- **PROMPT**
The lines below starting at the line containing "(so n is an outward normal) *)" and ending at the line containing "as a face, lying" are to be repeated exactly, with both ends kept and nothing else added.

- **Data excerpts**
(* Let $s=6r+i$ with $r\ge1$ and $i\in\{0,\dots,5\}$. Among all polyiamonds with site-perimeter $s$, the maximal area is attained by the quasi-regular hexagon $E_{B_i}(r)$ (with $E_{B_0}(r)=E(r)$), and every polyiamond with site-perimeter $s$ attaining this maximal area is a quasi-regular hexagon (an image of $E_{B_i}(r)$ under a symmetry of $\mathbb T^2$).
   Context: Faces are the closed triangular faces of the triangular lattice $\mathbb T^2$ in $\mathbb R^2$. A polyiamond $P$ is a finite nonempty union of faces that is connected through shared edges (two faces sharing only a vertex are not adjacent); faces not in $P$ are empty faces. Its area $\|P\|$ is the number of its faces; its edge-perimeter $p(P)$ is the number of edges of $\mathbb T^2$ separating a face of $P$ from an empty face; its site-perimeter $s(P)$ is the number of empty faces sharing at least one edge with a face of $P$. For integers $d\ge1$, $a,b,c\ge0$ with $a+b,b+c,c+a\le d$, $T^d_{a,b,c}$ is the polyiamond obtained from an equilateral triangle of side length $d$ with sides on lattice lines (the union of its $d^2$ faces) by removing the equilateral sub-triangles of side lengths $a,b,c$ at its three corners; its boundary is a (possibly degenerate) hexagon with side lengths, in cyclic order, $a,\ d-a-b,\ b,\ d-b-c,\ c,\ d-c-a$, its area is $d^2-a^2-b^2-c^2$ and its edge- and site-perimeter equal $3d-a-b-c$. Quasi-regular hexagons: for $r\ge1$ let $E(r)=T^{3r}_{r,r,r}$ (regular hexagon of side $r$), $E_{B_1}(r)=T^{3r}_{r-1,r,r}$, $E_{B_2}(r)=T^{3r+1}_{r,r,r+1}$, $E_{B_3}(r)=T^{3r+1}_{r,r,r}$, $E_{B_4}(r)=T^{3r+2}_{r,r+1,r+1}$, $E_{B_5}(r)=T^{3r+2}_{r,r,r+1}$. Their areas are $6r^2,\ 6r^2+2r-1,\ 6r^2+4r,\ 6r^2+6r+1,\ 6r^2+8r+2,\ 6r^2+10r+3$, and their edge-perimeters (equal to their site-perimeters) are $6r,6r+1,\dots,6r+5$. A quasi-regular hexagon is any image of one of these under a symmetry (translation, rotation, reflection) of $\mathbb T^2$; $\mathcal Q$ denotes the set of all quasi-regular hexagons. *)

From HB Require Import structures.
From mathcomp Require Import all_boot all_order all_algebra.
From mathcomp Require Import finmap.
Set Implicit Arguments. Unset Strict Implicit. Unset Printing Implicit Defensive.
Import Order.TTheory GRing.Theory Num.Theory.
Local Open Scope fset_scope.
Local Open Scope ring_scope.
Lemma fourierD d (e : 'I_d -> V) a u v :
  fourier e (a *: u + v) = a *: fourier e u + fourier e v.
Proof.
rewrite /fourier scaler_sumr -big_split; apply: eq_bigr => i _ /=.
by rewrite ip_linear scalerDl scalerA.
Qed.

Lemma orthonormal_extend d (e : 'I_d -> V) f :
  orthonormal e -> ip f f = 1 -> (forall k, ip (e k) f = 0) ->
  orthonormal (extend e f).
Proof.
move=> e_on f1 ef i j; rewrite /extend.
case: unliftP => [i'|] ->; case: unliftP => [j'|] ->.
- by rewrite e_on (inj_eq lift_inj).
- by rewrite ef eq_sym (negbTE (neq_lift _ _)).
- by rewrite ip_sym ef (negbTE (neq_lift _ _)).
- by rewrite f1 eqxx.
Qed.

Lemma fourier_extend d (e : 'I_d -> V) f v :
  fourier (extend e f) v = fourier e v + ip v f *: f.
Proof.
rewrite /fourier big_ord_recr /= /extend unlift_none; congr (_ + _).
apply: eq_bigr => i _; have -> : widen_ord (leqnSn d) i = lift ord_max i.
  by apply: val_inj; rewrite /= /bump leqNgt ltn_ord.
by rewrite liftK.
Qed.
(* Let $\mathcal{D}$ be a dome over a convex polygon $P$ lying in the horizontal $xy$-plane, with the dome above it. Let $b_i$ be a vertex of $P$ with interior angle at least $120^\circ$, and let $t_1, t_2, t_3$ be the three dome triangles incident to $b_i$, in order around $b_i$, where $t_1$ and $t_3$ are incident to the two edges of $P$ at $b_i$ (possibly $t_2$ is coplanar with $t_1$ or with $t_3$, but not both). Then $t_2$ has an upward normal, and at least one of $t_1, t_3$ has a downward normal.
   Context: All equilateral triangles have unit edge length. A polyiamond is a polygon that is a union of unit equilateral triangles. A dome over a convex polygon $P$ is the surface consisting of all faces other than $P$ of a convex polyhedron that has $P$ as one face and all of whose other faces are convex polyiamonds; the dome triangles are the unit triangles composing the dome's faces. With the base $P$ in the $xy$-plane, a dome triangle or face has an upward normal if its outward normal has positive $z$-component, and a downward normal if its outward normal has negative $z$-component. *)

From Stdlib Require List.
From HB Require Import structures.
From mathcomp Require Import all_boot all_order all_algebra.
From mathcomp Require Import all_classical all_reals all_analysis.
Set Implicit Arguments. Unset Strict Implicit. Unset Printing Implicit Defensive.
Import Order.TTheory GRing.Theory Num.Theory.
Local Open Scope ring_scope.
Local Open Scope classical_set_scope.

Record vec (R : realType) := V { vx : R; vy : R; vz : R }.

Definition vadd (R : realType) (u w : vec R) : vec R :=
  V (vx u + vx w) (vy u + vy w) (vz u + vz w).
Definition vsub (R : realType) (u w : vec R) : vec R :=
  V (vx u - vx w) (vy u - vy w) (vz u - vz w).
Definition vscale (R : realType) (k : R) (u : vec R) : vec R :=
  V (k * vx u) (k * vy u) (k * vz u).
Definition vzero (R : realType) : vec R := V 0 0 0.
Definition dot (R : realType) (u w : vec R) : R :=
  vx u * vx w + vy u * vy w + vz u * vz w.
Definition cross (R : realType) (u w : vec R) : vec R :=
  V (vy u * vz w - vz u * vy w) (vz u * vx w - vx u * vz w)
    (vx u * vy w - vy u * vx w).
Definition norm (R : realType) (u : vec R) : R := Num.sqrt (dot u u).
Definition dist (R : realType) (p q : vec R) : R := norm (vsub p q).

Definition segment (R : realType) (a b : vec R) : set (vec R) :=
  [set x | exists s : R, 0 <= s <= 1 /\ x = vadd (vscale (1 - s) a) (vscale s b)].

Definition noncollinear (R : realType) (p q r : vec R) : Prop :=
  cross (vsub q p) (vsub r p) <> vzero R.

Definition triangle (R : realType) := (vec R * vec R * vec R)%type.

Definition is_vertex (R : realType) (t : triangle R) (v : vec R) : Prop :=
  v = t.1.1 \/ v = t.1.2 \/ v = t.2.

Definition tri_set (R : realType) (t : triangle R) : set (vec R) :=
  [set x | exists al be ga : R, [/\ 0 <= al, 0 <= be, 0 <= ga, al + be + ga = 1 &
     x = vadd (vadd (vscale al t.1.1) (vscale be t.1.2)) (vscale ga t.2)]].

Definition tri_interior (R : realType) (t : triangle R) : set (vec R) :=
  [set x | exists al be ga : R, [/\ 0 < al, 0 < be, 0 < ga, al + be + ga = 1 &
     x = vadd (vadd (vscale al t.1.1) (vscale be t.1.2)) (vscale ga t.2)]].

Definition unit_equilateral (R : realType) (t : triangle R) : Prop :=
  [/\ dist t.1.1 t.1.2 = 1, dist t.1.2 t.2 = 1 & dist t.2 t.1.1 = 1].

Definition convex_polyhedron (R : realType) (K : set (vec R)) : Prop :=
  [/\ (exists H : seq (vec R * R),
         K = [set x | forall h, List.In h H -> dot h.1 x <= h.2]),
      (exists M : R, forall x, K x -> [/\ `|vx x| <= M, `|vy x| <= M & `|vz x| <= M]) &
      (exists x (r : R), 0 < r /\ forall y, dist y x < r -> K y)].

(* the plane {dot n x = c} supports K, with K on the side dot n x <= c
   (so n is an outward normal) *)
Definition supports (R : realType) (K : set (vec R)) (n : vec R) (c : R) : Prop :=
  n <> vzero R /\ forall x, K x -> dot n x <= c.

(* F is a face (2-dimensional face, i.e. facet) of K *)
Definition face (R : realType) (K F : set (vec R)) : Prop :=
  exists (n : vec R) (c : R), [/\ supports K n c,
    F = K `&` [set x | dot n x = c] &
    exists p q r, [/\ F p, F q, F r & noncollinear p q r]].

(* A dome over P with dome triangles TS: K is a convex polyhedron having P
   as a face, lying in the xy-plane with K above it; every other face of K
   is a (convex) polyiamond, namely the union of the unit triangles of TS
   lying in it; TS consists exactly of these composing triangles, which do
   not overlap. *)
Definition is_dome (R : realType) (K P : set (vec R)) (TS : seq (triangle R)) : Prop :=
  convex_polyhedron K /\
  face K P /\
  (forall x, P x -> vz x = 0) /\
  (forall x, K x -> 0 <= vz x) /\
  (forall t, List.In t TS ->
     unit_equilateral t /\ exists F, [/\ face K F, F <> P & (tri_set t `<=` F)]) /\
  (forall F, face K F -> F <> P ->
     F = \bigcup_(t in [set t | List.In t TS /\ tri_set t `<=` F]) tri_set t) /\
  (forall t t', List.In t TS -> List.In t' TS ->
     tri_interior t `&` tri_interior t' !=set0 -> tri_set t = tri_set t').

Definition upward_normal (R : realType) (K : set (vec R)) (t : triangle R) : Prop :=
  exists n c, [/\ supports K n c, (forall v, is_vertex t v -> dot n v = c) & 0 < vz n].
Definition downward_normal (R : realType) (K : set (vec R)) (t : triangle R) : Prop :=
  exists n c, [/\ supports K n c, (forall v, is_vertex t v -> dot n v = c) & vz n < 0].

Definition polygon_edge (R : realType) (P : set (vec R)) (a b : vec R) : Prop :=
  a <> b /\ exists (m : vec R) (d : R), [/\ vz m = 0, m <> vzero R,
    (forall x, P x -> dot m x <= d) & P `&` [set x | dot m x = d] = segment a b].

Definition angle_at (R : realType) (b a c : vec R) : R :=
  acos (dot (vsub a b) (vsub c b) / (norm (vsub a b) * norm (vsub c b))).

Definition incident_to_edge (R : realType) (t : triangle R) (b a : vec R) : Prop :=
  exists v, [/\ is_vertex t v, v <> b & segment b a v].
Lemma phi_Nfilt k A : (0 < k)%N -> superdiag k A -> (phi A <= Nfilt k)%MS.
Proof.
move=> k_gt0 Ak; rewrite (superdiag_sum_delta Ak).
have delta1 (i j : 'I_n) : (k + i <= j)%N -> superdiag 1 (delta_mx i j : M).
  by move=> kij; exact: superdiagW k_gt0 (superdiag_delta K kij).
rewrite tlinear_sum // => [|i _]; last by apply: superdiag_sum => j /delta1/superdiagZ.
apply: summx_sub => i _; rewrite tlinear_sum // => [|j /delta1/superdiagZ] //.
apply: summx_sub => j kij; rewrite (tlinearZ phi_lin _ (delta1 _ _ kij)) scalemx_sub //.
by apply: (sumsmx_sup i) => //; apply: (sumsmx_sup j) => //; rewrite genmxE.
Qed.

Lemma Nfilt_linfun k (f : 'rV[K]_m -> 'rV[K]_m) (C : 'M[K]_m) : linear f ->
  (forall i j : 'I_n, (k + i <= j)%N -> (f (phi (delta_mx i j)) <= C)%MS) ->
  forall w, (w <= Nfilt k)%MS -> (f w <= C)%MS.
Proof.
move=> f_lin fC; apply/(sub_preimmx f_lin).
by apply/sumsmx_subP => i _; apply/sumsmx_subP => j ij; rewrite genmxE preimmxE // fC.
Qed.

Lemma Nfilt_eq0 k (w : 'rV[K]_m) : (n <= k)%N -> (w <= Nfilt k)%MS -> w = 0.
Proof.
move=> nk wk; apply/eqP; rewrite -(submx0 w).
apply: (Nfilt_linfun (f := id)) wk => [a x y // | i j].
by have := ltn_ord j; lia.
Qed.

Lemma N_Nfilt1 : (N <= Nfilt 1)%MS.
Proof.
by apply/row_subP => i; have [A A1 <-] := phi_onto (row_sub i N); apply: phi_Nfilt.
Qed.
Lemma vandermonde (a b : R) (K : nat) : conv (binom a) (binom b) K = binom (a + b) K.
Proof.
  induction K as [|K IH].
  - unfold conv; simpl; rewrite !binom_0; ring.
  - apply Rmult_eq_reg_l with (INR (S K)); [|apply not_0_INR; lia].
    rewrite binom_succ_mul, <- IH; unfold conv.
    (* weight each term by S K = j + (S K - j) and lower the matching factor with [binom_succ_mul] *)
    transitivity (sum_f_R0 (fun j => INR j * binom a j * binom b (S K - j)%nat) (S K)
                  + sum_f_R0 (fun j => binom a j * (INR (S K - j) * binom b (S K - j)%nat)) (S K)).
    { rewrite <- plus_sum, scal_sum; apply sum_eq; intros j Hj; rewrite minus_INR by lia; ring. }
    rewrite decomp_sum by lia; simpl pred; rewrite tech5, Nat.sub_diag.
    rewrite (sum_eq (fun j => INR (S j) * binom a (S j) * binom b (S K - S j)%nat)
                    (fun j => binom a j * binom b (K - j)%nat * (a - INR j)))
      by (intros j _; rewrite binom_succ_mul; simpl (S K - S j)%nat; ring).
    rewrite (sum_eq (fun j => binom a j * (INR (S K - j) * binom b (S K - j)%nat))
                    (fun j => binom a j * binom b (K - j)%nat * (b - INR (K - j))))
      by (intros j Hj; replace (S K - j)%nat with (S (K - j)) by lia; rewrite binom_succ_mul; ring).
    match goal with |- _ + ?S1 + (?S2 + _) = _ => transitivity (S1 + S2); [simpl INR; ring|] end.
    rewrite <- plus_sum, scal_sum; apply sum_eq; intros j Hj; rewrite minus_INR by lia; ring.
Qed.

Definition negpart (y : R) : R := (Rabs y - y) / 2.

Lemma negpart_nonneg (y : R) : 0 <= negpart y.
Proof. unfold negpart; pose proof (Rle_abs y); lra. Qed.

Lemma negpart_le_abs (y : R) : negpart y <= Rabs y.
Proof. unfold negpart; pose proof (Rabs_pos y); pose proof (Rle_abs (- y)); rewrite Rabs_Ropp in *; lra. Qed.

Lemma negpart_eq0 (y : R) : 0 <= y -> negpart y = 0.
Proof. intros Hy; unfold negpart; rewrite Rabs_right; lra. Qed.

Lemma negpart_scale (c y : R) : 0 <= c -> negpart (c * y) = c * negpart y.
Proof. intros Hc; unfold negpart; rewrite Rabs_mult, (Rabs_right c) by lra; field. Qed.

Lemma Rabs_negpart (y : R) : Rabs y = y + 2 * negpart y.
Proof. unfold negpart; lra. Qed.

Lemma fact_mul_le (r m : nat) : (fact (S r) * fact (S m) <= fact (r + S m))%nat.
Proof.
  induction m as [|m IH].
  - rewrite Nat.add_1_r; simpl (fact 1); lia.
  - rewrite Nat.add_succ_r.
    change (fact (S (S m))) with (S (S m) * fact (S m))%nat.
    change (fact (S (r + S m))) with (S (r + S m) * fact (r + S m))%nat.
    apply Nat.le_trans with (S (S m) * fact (r + S m))%nat; [nia | apply Nat.mul_le_mono_r; lia].
Qed.

Lemma binom_shift_le (a : R) (j r : nat) : INR j <= a -> binom a j <= binom (a + INR r) (j + r).
Proof.
  intros Hj; unfold binom.
  rewrite Nat.add_comm, falling_add; replace (a + INR r - INR r) with a by ring.
  pose proof (falling_nat_fact j r) as Hf; rewrite Nat.add_comm in Hf; rewrite <- Hf.
  pose proof (INR_fact_lt_0 j) as Hj0; pose proof (INR_fact_lt_0 (r + j)) as Hrj.
  assert (H0 : 0 <= falling a j) by (apply falling_nonneg; lra).
  assert (H1 : 0 < falling (INR (r + j)) r) by nra.
  assert (H2 : falling (INR (r + j)) r <= falling (a + INR r) r)
    by (rewrite plus_INR; pose proof (pos_INR j); apply falling_le_compat; lra).
  apply Rmult_le_reg_r with (falling (INR (r + j)) r * INR (fact j)); [nra|].
  field_simplify; [|lra|lra]; nra.
Qed.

- **TASK SOLUTION**
   (so n is an outward normal) *)
Definition supports (R : realType) (K : set (vec R)) (n : vec R) (c : R) : Prop :=
  n <> vzero R /\ forall x, K x -> dot n x <= c.

(* F is a face (2-dimensional face, i.e. facet) of K *)
Definition face (R : realType) (K F : set (vec R)) : Prop :=
  exists (n : vec R) (c : R), [/\ supports K n c,
    F = K `&` [set x | dot n x = c] &
    exists p q r, [/\ F p, F q, F r & noncollinear p q r]].

(* A dome over P with dome triangles TS: K is a convex polyhedron having P
   as a face, lying in the xy-plane with K above it; every other face of K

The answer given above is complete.